Indeed that twisted narrative was being pushed as soon as Williams lost to Japan’s Naomi Osaka, who conducted herself with grace throughout the ordeal.
The Washington Post, which on Tuesday called Knight’s cartoon racist, joined ESPN in immediately diminishing Osaka’s achievement and painting Williams as a victim of the patriarchy: “We’ll never know if young Osaka really won the 2018 US Open or had it handed to her by a man who was going to make Serena Williams feel his power.”
CNN said: “Williams was being punished for speaking her truth” — never mind that it bears no relation to the truth.
Katie Rosman from The New York Times tweeted after the match: “Serena, you are such a champion!!! What leadership, dignity and poise.”
Yes, the cringeworthy display of arrogant entitlement — including violations for receiving coaching, racquet abuse and an astonishing, prolonged attack against an umpire who Williams smeared as a “liar” and “thief” and threatened “you are never going to be on my court again” — is considered “dignity and poise” by activist journalists. No wonder trust in the media is at historic lows in the US.

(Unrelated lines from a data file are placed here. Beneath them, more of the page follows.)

(* Let $B\ge 1$ be an integer, $\mathcal{E}>0$, $\epsilon>0$. Let $X=\{\mathbf{i}=(i_0,\dots,i_{B-1})\in\mathbb{R}^B: i_b\ge 1+\epsilon\ \forall b\}$, $Y=\{\mathbf{t}=(t_0,\dots,t_{B-1})\in\mathbb{R}^B: t_b\ge 0\ \forall b\}$, and $S=\{(\mathbf{i},\mathbf{t})\in X\times Y: \sum_{b=0}^{B-1} i_b^2t_b\le\mathcal{E}\}$. Then the optimization problem $$\text{minimize } f(\mathbf{i},\mathbf{t})=\sum_{b=0}^{B-1}4^b\exp\bigl(-2(i_b-1)t_b\bigr)\quad\text{subject to } (\mathbf{i},\mathbf{t})\in S$$ is a biconvex problem: $S$ is a biconvex set on $X\times Y$ and $f$ is a biconvex function on $S$.
   Context: Let $X\subseteq\mathbb{R}^n$, $Y\subseteq\mathbb{R}^m$ be nonempty convex sets. A set $S\subseteq X\times Y$ is biconvex on $X\times Y$ if for every fixed $\mathbf{x}\in X$ the set $S_{\mathbf{x}}=\{\mathbf{y}\in Y:(\mathbf{x},\mathbf{y})\in S\}$ is convex, and for every fixed $\mathbf{y}\in Y$ the set $S_{\mathbf{y}}=\{\mathbf{x}\in X:(\mathbf{x},\mathbf{y})\in S\}$ is convex. A function $f:S\to\mathbb{R}$ is biconvex on $S$ if for every fixed $\mathbf{x}\in X$, $f(\mathbf{x},\cdot)$ is convex on $S_{\mathbf{x}}$, and for every fixed $\mathbf{y}\in Y$, $f(\cdot,\mathbf{y})$ is convex on $S_{\mathbf{y}}$. A problem of minimizing $f$ over $S$ is biconvex if $S$ is biconvex on $X\times Y$ and $f$ is biconvex on $S$. *)

From HB Require Import structures.
From mathcomp Require Import all_boot all_order all_algebra.
From mathcomp Require Import all_classical all_reals all_analysis.
Set Implicit Arguments. Unset Strict Implicit. Unset Printing Implicit Defensive.
Import Order.TTheory GRing.Theory Num.Theory.
Local Open Scope ring_scope.
Local Open Scope classical_set_scope.

Section Biconvex.
Variable R : realType.

Definition ccomb (n : nat) (l : R) (x y : 'I_n -> R) : 'I_n -> R :=
  fun i => l * x i + (1 - l) * y i.

Definition convex_set_n (n : nat) (C : set ('I_n -> R)) : Prop :=
  forall x y, C x -> C y -> forall l : R, 0 <= l -> l <= 1 -> C (ccomb l x y).

Definition convex_fun_on (n : nat) (C : set ('I_n -> R)) (g : ('I_n -> R) -> R) : Prop :=
  forall x y, C x -> C y -> forall l : R, 0 <= l -> l <= 1 ->
    g (ccomb l x y) <= l * g x + (1 - l) * g y.

Definition sec_x (n m : nat) (Y : set ('I_m -> R)) (S : set (('I_n -> R) * ('I_m -> R)))
  (x : 'I_n -> R) : set ('I_m -> R) := [set y | Y y /\ S (x, y)].
Definition sec_y (n m : nat) (X : set ('I_n -> R)) (S : set (('I_n -> R) * ('I_m -> R)))
  (y : 'I_m -> R) : set ('I_n -> R) := [set x | X x /\ S (x, y)].

Definition biconvex_set (n m : nat) (X : set ('I_n -> R)) (Y : set ('I_m -> R))
  (S : set (('I_n -> R) * ('I_m -> R))) : Prop :=
  (forall p, S p -> X p.1 /\ Y p.2) /\
  (forall x, X x -> convex_set_n (sec_x Y S x)) /\
  (forall y, Y y -> convex_set_n (sec_y X S y)).

Definition biconvex_fun (n m : nat) (X : set ('I_n -> R)) (Y : set ('I_m -> R))
  (S : set (('I_n -> R) * ('I_m -> R))) (f : ('I_n -> R) -> ('I_m -> R) -> R) : Prop :=
  (forall x, X x -> convex_fun_on (sec_x Y S x) (f x)) /\
  (forall y, Y y -> convex_fun_on (sec_y X S y) (fun x => f x y)).

Definition biconvex_problem (n m : nat) (X : set ('I_n -> R)) (Y : set ('I_m -> R))
  (S : set (('I_n -> R) * ('I_m -> R))) (f : ('I_n -> R) -> ('I_m -> R) -> R) : Prop :=
  (X !=set0 /\ convex_set_n X) /\ (Y !=set0 /\ convex_set_n Y) /\
  biconvex_set X Y S /\ biconvex_fun X Y S f.

End Biconvex.

From HB Require Import structures.
From mathcomp Require Import all_boot all_order all_algebra.
From mathcomp Require Import all_classical all_reals all_analysis.
From mathcomp Require Import ring lra.
Import Order.TTheory GRing.Theory Num.Theory.
Local Open Scope ring_scope.
Local Open Scope classical_set_scope.

(* Each summand of the objective is a nonnegative multiple of [expR] applied
   to [-2 (i_b - 1) t_b], which is affine in [i] for fixed [t] and in [t] for
   fixed [i]; hence both partial functions are convex.  The constraint
   function [sum_b i_b^2 t_b] is likewise convex in [i] (as [t >= 0]) and
   affine in [t], so every section of [S] is a sublevel set of a convex
   function restricted to a box, hence convex. *)

Section ConvexCalculus.
Context {R : realType} {n : nat}.
Implicit Types (C D : set ('I_n -> R)) (g : ('I_n -> R) -> R).

Definition affine_fun g : Prop :=
  forall l x y, g (ccomb l x y) = l * g x + (1 - l) * g y.

Lemma affine_fun_coord (p : R -> R) (b : 'I_n) :
  (forall l u v, p (l * u + (1 - l) * v) = l * p u + (1 - l) * p v) ->
  affine_fun (fun x => p (x b)).
Proof. by move=> ap l x y; exact: ap. Qed.

Lemma convex_set_n_lbound (c : R) :
  convex_set_n [set x : 'I_n -> R | forall b, c <= x b].
Proof.
move=> x y cx cy l l0 l1 b; rewrite /ccomb.
have l1' : 0 <= 1 - l by rewrite subr_ge0.
by have := ler_wpM2l l0 (cx b); have := ler_wpM2l l1' (cy b); lra.
Qed.

Lemma convex_set_n_sublevel {C D g} {E : R} :
  convex_set_n C -> convex_fun_on C g ->
  (forall x, D x <-> C x /\ g x <= E) -> convex_set_n D.
Proof.
move=> cC cg DE x y /DE[Cx gx] /DE[Cy gy] l l0 l1; apply/DE.
split; first exact: cC.
have l1' : 0 <= 1 - l by rewrite subr_ge0.
apply: le_trans (cg _ _ Cx Cy _ l0 l1) _.
by have := ler_wpM2l l0 gx; have := ler_wpM2l l1' gy; lra.
Qed.

Lemma convex_fun_on_sum (I : Type) (r : seq I) C (F : I -> ('I_n -> R) -> R) :
  (forall j, convex_fun_on C (F j)) ->
  convex_fun_on C (fun x => \sum_(j <- r) F j x).
Proof.
move=> cF x y Cx Cy l l0 l1.
rewrite !mulr_sumr -big_split /=; apply: ler_sum => j _; exact: cF.
Qed.

Lemma convex_fun_on_affine C g : affine_fun g -> convex_fun_on C g.
Proof. by move=> ag x y _ _ l _ _; rewrite ag. Qed.

Lemma convex_fun_on_expR_affine C g (c : R) :
  0 <= c -> affine_fun g -> convex_fun_on C (fun x => c * expR (g x)).
Proof.
move=> c0 ag x y _ _ l l0 l1; rewrite ag.
have -> : l * (c * expR (g x)) + (1 - l) * (c * expR (g y))
          = c * (l * expR (g x) + (1 - l) * expR (g y)) by ring.
apply: (ler_wpM2l c0).
by have := @convex_expR R (Itv01 l0 l1) (g x) (g y); rewrite /conv.
Qed.

Lemma convex_fun_on_sqr_coord C (b : 'I_n) (t : R) :
  0 <= t -> convex_fun_on C (fun x => x b ^+ 2 * t).
Proof.
move=> t0 x y _ _ l l0 l1; rewrite /ccomb -subr_ge0.
have -> : l * (x b ^+ 2 * t) + (1 - l) * (y b ^+ 2 * t)
          - (l * x b + (1 - l) * y b) ^+ 2 * t
        = l * (1 - l) * (x b - y b) ^+ 2 * t by ring.
by rewrite mulr_ge0 // mulr_ge0 ?sqr_ge0 // mulr_ge0 // subr_ge0.
Qed.

End ConvexCalculus.

Theorem theorem1 (R : realType) (B : nat) (E eps : R) :
  (1 <= B)%N -> 0 < E -> 0 < eps ->
  biconvex_problem
    [set i : 'I_B -> R | forall b, 1 + eps <= i b]
    [set t : 'I_B -> R | forall b, 0 <= t b]
    [set p : ('I_B -> R) * ('I_B -> R) |
       (forall b, 1 + eps <= p.1 b) /\ (forall b, 0 <= p.2 b) /\
       \sum_(b < B) (p.1 b) ^+ 2 * p.2 b <= E]
    (fun i t => \sum_(b < B) (4 : R) ^+ b * expR (- 2 * (i b - 1) * t b)).
Proof.
move=> _ _ _.
split; [|split; [|split; [split|]]].
- by split; [exists (fun _ => 1 + eps) | exact: convex_set_n_lbound].
- by split; [exists (fun _ => 0) | exact: convex_set_n_lbound].
- by move=> p [? []].
- split=> [i Xi | t Yt].
  + apply: (convex_set_n_sublevel (convex_set_n_lbound 0)
      (g := fun t => \sum_(b < B) i b ^+ 2 * t b) (E := E)).
      apply: convex_fun_on_sum => b; apply: convex_fun_on_affine.
      by apply: (affine_fun_coord (fun u => i b ^+ 2 * u)) => l u v; ring.
    by move=> t; split=> [[Yt [_ [_ gE]]] | [Yt gE]]; do !split.
  + apply: (convex_set_n_sublevel (convex_set_n_lbound (1 + eps))
      (g := fun i => \sum_(b < B) i b ^+ 2 * t b) (E := E)).
      by apply: convex_fun_on_sum => b; apply: convex_fun_on_sqr_coord.
    by move=> i; split=> [[Xi [_ [_ gE]]] | [Xi gE]]; do !split.
- split=> [i _ | t _]; apply: convex_fun_on_sum => b.
  + apply: (convex_fun_on_expR_affine _ (fun t => - 2 * (i b - 1) * t b)).
      exact: exprn_ge0.
    by apply: (affine_fun_coord (fun u => - 2 * (i b - 1) * u)) => l u v; ring.
  + apply: (convex_fun_on_expR_affine _ (fun i => - 2 * (i b - 1) * t b)).
      exact: exprn_ge0.
    by apply: (affine_fun_coord (fun u => - 2 * (u - 1) * t b)) => l u v; ring.
Qed.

The truth is that a 36-year-old veteran behaved atrociously and then sought to absolve herself of all responsibility by playing the gender card.
Williams, despite her enormous success has long played the victim and did so again in the post-match press conference, claiming she was making a stand for women’s rights.
Was Williams fighting for women’s rights when she threatened violence against a female line judge or when she abused female referees or when she sullied the most significant achievement of a young athlete’s life with her self-obsessed, infantile antics?
If you think Australia is immune from this victimhood idiocy, think again.
Sadly, we are following the US and UK where rationality is sidelined in favour of hysterical race baiting.
The local outrage merchants — who don’t get worked up when Knight mocks Trump, Abbott, Dutton and other conservative targets — cry racism if he dares draw African youth or a spoiled tennis star.
The only criticism I have of the cartoon is that Osaka didn’t sufficiently look like Osaka.
The cartoon had Osaka’s blonde ponytail but though Knight painted her in brown tones, to my pedantic eye she looked a little too light.
We are all critics but to label everything as inherently racist only diminishes real instances of racism and provides cover for real racists. Mark Knight is about as racist as I’m Chinese.
Perhaps Knight should’ve drawn Williams with a narrow nose, thin lips and a slight frame — nothing like she actually looks — to avoid the insanity that has ensued.
Determining that some people are immune from caricature or censure purely because of their race is funnily enough racist.
Rita Panahi is a Herald Sun columnist.